Notable observations and quotes

  • “It’s basically just can you sum up a culture in a grunt?” — on owl impressions.
  • Raises concerns about the tortilla challenge normalizing hitting: “So this whole thing is predicated on it’s okay to hit people now.”
  • On the object/Mary Poppins challenge: “Anything that you would normally think of that would fit into your backpack… if you took out a lamp and it just kept going, that’d be pretty good.”
  • On TikTok generally: “TikTok is the dumbest place on earth” but admits many trends are “amusing” and that the segment was “less painful than I thought.”

Actionable takeaways

  • If you want quick, safe entertainment on TikTok: try the tortilla videos and the object/Mary Poppins clips (Ben finds these the most watchable).
  • Avoid or be critical of trends that involve real physical harm (tortilla-as-slap raises ethical questions; shark/danger content is distasteful).
  • The simplest trends succeed when they heighten one comedic element (size, timing, or absurdity) rather than trying to “summarize a culture” in a single sound.
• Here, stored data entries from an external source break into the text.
(* Let $a,r>0$, $\beta\in\mathbb{R}$, $\theta\in(\theta_0,\frac\pi2)$ with $\tan\theta_0\ge\frac{|\beta|}{\sqrt2}$, and $\lambda\in\Sigma_{\theta,r}$. Then for all $\xi'\in\mathbb{R}^{N-1}$ and $j=1,2$, $${\rm Re}(L_j)\ge C(a,\beta,\theta,r)\big(|\lambda|^{1/2}+1+|\xi'|\big).$$
   Context: $\Sigma_{\theta,r}=\{z\in\mathbb{C}\setminus\{0\}:|\arg z|<\pi-\theta,|z|>r\}$. $z_{1,2}(\lambda)=\frac{2\lambda+a(1+\beta^2/2)\pm\sqrt{a^2(1+\beta^2/2)^2-2\lambda^2\beta^2}}{2(1+\beta^2/2)}$ and $L_j(\lambda,\xi')=\sqrt{|\xi'|^2+z_j(\lambda)}$, the square root with positive real part. *)

From HB Require Import structures.
From mathcomp Require Import all_boot all_order all_algebra.
From mathcomp Require Import all_classical all_reals all_analysis.
From mathcomp Require Import complex.
Set Implicit Arguments. Unset Strict Implicit. Unset Printing Implicit Defensive.
Import Order.TTheory GRing.Theory Num.Theory.
Local Open Scope ring_scope.
Local Open Scope complex_scope.

Section Defs.
Variable R : realType.

Definition cmod (z : R[i]) : R :=
  Num.sqrt (complex.Re z ^+ 2 + complex.Im z ^+ 2).

(* principal argument Arg z in (-pi, pi] (Arg 0 := 0) *)
Definition carg (z : R[i]) : R :=
  let x := complex.Re z in let y := complex.Im z in
  if 0 < x then atan (y / x)
  else if x < 0 then (if 0 <= y then atan (y / x) + pi else atan (y / x) - pi)
  else if 0 < y then pi / 2 else if y < 0 then - (pi / 2) else 0.

Definition Sigma (theta r : R) : set R[i] :=
  [set z | z != 0 /\ `|carg z| < pi - theta /\ r < cmod z].

(* the square root with nonnegative real part (principal square root):
   sqrt w = sqrt((|w|+Re w)/2) + i sgn(Im w) sqrt((|w|-Re w)/2), sgn 0 := 1 *)
Definition csqrt (w : R[i]) : R[i] :=
  let x := complex.Re w in let y := complex.Im w in
  (Num.sqrt ((cmod w + x) / 2)) +i*
  ((if 0 <= y then 1 else -1) * Num.sqrt ((cmod w - x) / 2)).

(* z_j(lambda), j = 1 (+ sign), j = 2 (- sign) *)
Definition zj (a beta : R) (j : bool) (lam : R[i]) : R[i] :=
  let b := (1 + beta ^+ 2 / 2)%:C in
  let d := csqrt ((a%:C) ^+ 2 * b ^+ 2 - 2%:R * lam ^+ 2 * (beta%:C) ^+ 2) in
  (2%:R * lam + a%:C * b + (if j then d else - d)) / (2%:R * b).

Definition vnorm (n : nat) (xi : 'rV[R]_n) : R :=
  Num.sqrt (\sum_(i < n) xi 0 i ^+ 2).

Definition Lj (a beta : R) (j : bool) (lam : R[i]) (n : nat) (xi : 'rV[R]_n)
  : R[i] := csqrt ((vnorm xi ^+ 2)%:C + zj a beta j lam).

End Defs.

From HB Require Import structures.
From mathcomp Require Import all_boot all_order all_algebra.
From mathcomp Require Import all_classical all_reals all_analysis.
From mathcomp Require Import complex.
From mathcomp Require Import ring lra.
Set Implicit Arguments. Unset Strict Implicit. Unset Printing Implicit Defensive.
Import Order.TTheory GRing.Theory Num.Theory.
Local Open Scope ring_scope.
Local Open Scope classical_set_scope.
Local Open Scope complex_scope.

(* For t >= 0 the product (z_1 + t)(z_2 + t) equals, up to the factor 1 + beta^2/2,
   the quadratic (lam + t)(lam + t + a) + (beta^2/2) t (t + a) in lam.  Its roots -u
   satisfy Re u >= t and |Im u| <= (|beta|/sqrt 2) Re u, i.e. they lie in a sector
   around the negative axis which is strictly narrower than the complement of
   Sigma_theta; hence |lam + u| >~ |lam| + t + 1 for lam in Sigma_{theta,r}.  Together
   with |z_j| <~ |lam| + 1 this gives |z_j + t| >~ |lam| + 1 for every t >= 0: z_j keeps
   a distance of order |lam| + 1 from the half-line (-oo, 0], so |z_j| + Re z_j >~
   |lam| + 1.  Finally Re (sqrt w) = sqrt ((|w| + Re w) / 2) and, for
   w = |xi'|^2 + z_j, |w| + Re w >~ |lam| + 1 + |xi'|^2. *)

Local Notation Re := complex.Re.
Local Notation Im := complex.Im.

Section ComplexModulus.
Variable R : realType.
Implicit Types (z w : R[i]) (x : R).

Lemma ReD z w : Re (z + w) = Re z + Re w. Proof. by case: z; case: w. Qed.

Lemma ImD z w : Im (z + w) = Im z + Im w. Proof. by case: z; case: w. Qed.

Lemma cmodE z : `|z| = (cmod z)%:C.
Proof. by rewrite normc_def. Qed.

Lemma cmod_ge0 z : 0 <= cmod z.
Proof. exact: sqrtr_ge0. Qed.

Lemma cmodM z w : cmod (z * w) = cmod z * cmod w.
Proof. by have := normrM z w; rewrite !cmodE -rmorphM => /complexI. Qed.

Lemma ler_cmodD z w : cmod (z + w) <= cmod z + cmod w.
Proof. by have := ler_normD z w; rewrite !cmodE -rmorphD lecR. Qed.

Lemma cmodN z : cmod (- z) = cmod z.
Proof. by case: z => x y; rewrite /cmod /= !sqrrN. Qed.

Lemma cmod_real x : cmod x%:C = `|x|.
Proof. by rewrite /cmod /= expr0n /= addr0 sqrtr_sqr. Qed.

Lemma cmod_nat n : cmod (n%:R : R[i]) = n%:R.
Proof. by rewrite -(rmorph_nat (real_complex R)) cmod_real ger0_norm. Qed.

Lemma ler_normRe_cmod z : `|Re z| <= cmod z.
Proof. by rewrite /cmod -sqrtr_sqr; apply: ler_wsqrtr; rewrite lerDl sqr_ge0. Qed.

Lemma ler_normIm_cmod z : `|Im z| <= cmod z.
Proof. by rewrite /cmod -sqrtr_sqr; apply: ler_wsqrtr; rewrite lerDr sqr_ge0. Qed.

Lemma cmod_le_normRe_Im z : cmod z <= `|Re z| + `|Im z|.
Proof.
rewrite /cmod -[leRHS]ger0_norm ?addr_ge0 // -sqrtr_sqr; apply: ler_wsqrtr.
rewrite sqrrD -(real_normK (num_real (Re z))) -(real_normK (num_real (Im z))).
have := mulr_ge0 (normr_ge0 (Re z)) (normr_ge0 (Im z)); lra.
Qed.

Lemma cmod_subRe_addRe z : (cmod z - Re z) * (cmod z + Re z) = Im z ^+ 2.
Proof. by rewrite -subr_sqr sqr_sqrtr ?addr_ge0 ?sqr_ge0 //; ring. Qed.

Lemma cmod_Re_shift z : cmod (z + (- Re z)%:C) = `|Im z|.
Proof. by case: z => x y; rewrite /cmod /= subrr expr0n /= add0r addr0 sqrtr_sqr. Qed.

Lemma csqrtE w : csqrt w = sqrtc w.
Proof.
case: w => x y; rewrite /csqrt /sqrtc /=; congr (_ +i* (_ * _)).
have [->|y_neq0] := eqVneq y 0; first by rewrite lexx.
case: ifP => y_sign; apply/esym/eqP.
  by rewrite sgr_cp0 lt_neqAle eq_sym y_neq0 y_sign.
by rewrite sgr_cp0 ltNge y_sign.
Qed.

Lemma sqr_csqrt w : csqrt w ^+ 2 = w.
Proof. by rewrite csqrtE sqr_sqrtc. Qed.

Lemma cmod_csqrt w : cmod (csqrt w) = Num.sqrt (cmod w).
Proof. by rewrite -{2}[w]sqr_csqrt expr2 cmodM -expr2 sqrtr_sqr ger0_norm // cmod_ge0. Qed.

End ComplexModulus.

Lemma exists_sector_weight (R : realFieldType) (sig T : R) : 0 <= sig -> sig < T ->
  exists k, [/\ 0 < k, 1 < k * T & k * sig < 1].
Proof.
move=> sig_ge0 sig_lt_T; exists (2 / (T + sig)).
have sum_gt0 : 0 < T + sig by lra.
rewrite divr_gt0 //; split=> //; rewrite mulrAC.
  by rewrite ltr_pdivlMr //; lra.
by rewrite ltr_pdivrMr //; lra.
Qed.

Section Sector.
Variable R : realType.

Lemma tan_normRe_lt_normIm (theta : R) (z : R[i]) : 0 < theta -> theta < pi / 2 ->
  Re z < 0 -> `|carg z| < pi - theta -> tan theta * `|Re z| < `|Im z|.
Proof.
move=> th_gt0 th_lt Re_lt0; rewrite /carg /=.
have -> : (0 < Re z) = false by apply/negbTE; rewrite -leNgt ltW.
rewrite Re_lt0.
have pi_gt0 := pi_gt0 R.
have /tanK tanK : theta \in `](- (pi / 2)), (pi / 2)[%R by rewrite in_itv /=; apply/andP; split; lra.
set x := Re z; set y := Im z.
have atan_gt := atan_gtNpi2 (y / x); have atan_lt := atan_ltpi2 (y / x).
rewrite (ler0_norm (ltW Re_lt0)); case: ifP => y_ge0.
  rewrite ger0_norm; last by lra.
  move=> harg; rewrite (ger0_norm y_ge0) ltNge; apply/negP => hle.
  have : atan (- tan theta) <= atan (y / x).
    by apply: le_atan; rewrite ler_ndivlMr //; lra.
  rewrite atanN tanK; lra.
rewrite ler0_norm; last by lra.
move=> harg; have y_lt0 : y < 0 by rewrite ltNge y_ge0.
rewrite (ltr0_norm y_lt0) ltNge; apply/negP => hle.
have : atan (y / x) <= atan (tan theta).
  by apply: le_atan; rewrite ler_ndivrMr //; lra.
rewrite tanK; lra.
Qed.

Lemma sector_weighted_Re_ge (theta k : R) : 0 < theta -> theta < pi / 2 ->
  0 < k -> 1 < k * tan theta ->
  exists2 m : R, 0 < m &
    forall z : R[i], `|carg z| < pi - theta -> m * cmod z <= Re z + k * `|Im z|.
Proof.
move=> th_gt0 th_lt k_gt0 kT; set T := tan theta in kT *.
have T_gt0 : 0 < T by rewrite -(pmulr_rgt0 _ k_gt0); lra.
set m := Num.min (Num.min 1 k) ((k * T - 1) / (1 + T)).
have m_gt0 : 0 < m by rewrite !lt_min ltr01 k_gt0 divr_gt0 //; lra.
have m_le1 : m <= 1 by rewrite /m !ge_min lexx.
have m_lek : m <= k by rewrite /m !ge_min lexx orbT.
have m_le : m * (1 + T) <= k * T - 1.
  by rewrite -ler_pdivlMr; [rewrite /m ge_min lexx orbT | lra].
exists m => // z harg.
have cmod_le : m * cmod z <= m * `|Re z| + m * `|Im z|.
  by rewrite -mulrDr ler_wpM2l ?(ltW m_gt0) ?cmod_le_normRe_Im.
have Im_le : m * `|Im z| <= k * `|Im z| := ler_wpM2r (normr_ge0 _) m_lek.
have [Re_lt0 | Re_ge0] := ltrP (Re z) 0.
- have := tan_normRe_lt_normIm th_gt0 th_lt Re_lt0 harg; rewrite -/T => hT.
  have : 0 <= (k - m) * (`|Im z| - T * `|Re z|) by apply: mulr_ge0; rewrite subr_ge0 // ltW.
  have : 0 <= `|Re z| * (k * T - 1 - m * (1 + T)) by apply: mulr_ge0; rewrite // subr_ge0.
  rewrite (ltr0_norm Re_lt0) in cmod_le hT *; nra.
- have : m * `|Re z| <= `|Re z| by rewrite -[leRHS]mul1r; exact: ler_wpM2r.
  rewrite (ger0_norm Re_ge0) in cmod_le *; lra.
Qed.

End Sector.

Section ShiftedQuadratic.
Variable R : realType.

Definition shifted_quadratic (a s t : R) (z : R[i]) : R[i] :=
  (z + t%:C) * (z + t%:C + a%:C) + (s * (t * (t + a)))%:C.

Lemma cmod_add_sector_ge (k sig m t : R) (z u : R[i]) : 0 <= k -> k * sig <= 1 ->
  m * cmod z <= Re z + k * `|Im z| -> t <= Re u -> `|Im u| <= sig * Re u ->
  m * cmod z + (1 - k * sig) * t <= (1 + k) * cmod (z + u).
Proof.
move=> k_ge0 ksig_le1 z_sector t_le u_sector.
have Re_le : Re z + Re u <= cmod (z + u).
  by rewrite -ReD; apply: le_trans (ler_norm _) (ler_normRe_cmod _).
have Im_le : `|Im z| <= cmod (z + u) + sig * Re u.
  have := ler_normD (Im z + Im u) (- Im u); rewrite addrK normrN -ImD.
  by move/le_trans; apply; rewrite lerD ?ler_normIm_cmod.
have : k * `|Im z| <= k * cmod (z + u) + k * (sig * Re u).
  by rewrite -mulrDr; apply: ler_wpM2l.
have : (1 - k * sig) * t <= (1 - k * sig) * Re u.
  by apply: ler_wpM2l; rewrite // subr_ge0.
rewrite mulrDl mul1r; nra.
Qed.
Sponsors & promos mentioned

  • Trust & Will — online estate planning; promo: 20% off at trustandwill.com/shapiro.
  • Shopify — commerce platform; promo: $1/month trial at shopify.com/shapiro.
  • Other ad mentions: Nespresso/Virtuo line, PolicyGenius (life-insurance joke), and a local attorney ad (Craig Swapp & Associates).

Summary

The segment is a lighthearted roast-and-rank of popular TikTok stunts. Ben finds several of the trends fun and watchable (especially tortillas and the object-reveal challenge) but criticizes those that promote risky or tasteless content. Overall verdict: TikTok is often silly, occasionally clever, and sometimes worryingly irresponsible — but there are genuinely amusing, low-effort trends worth watching.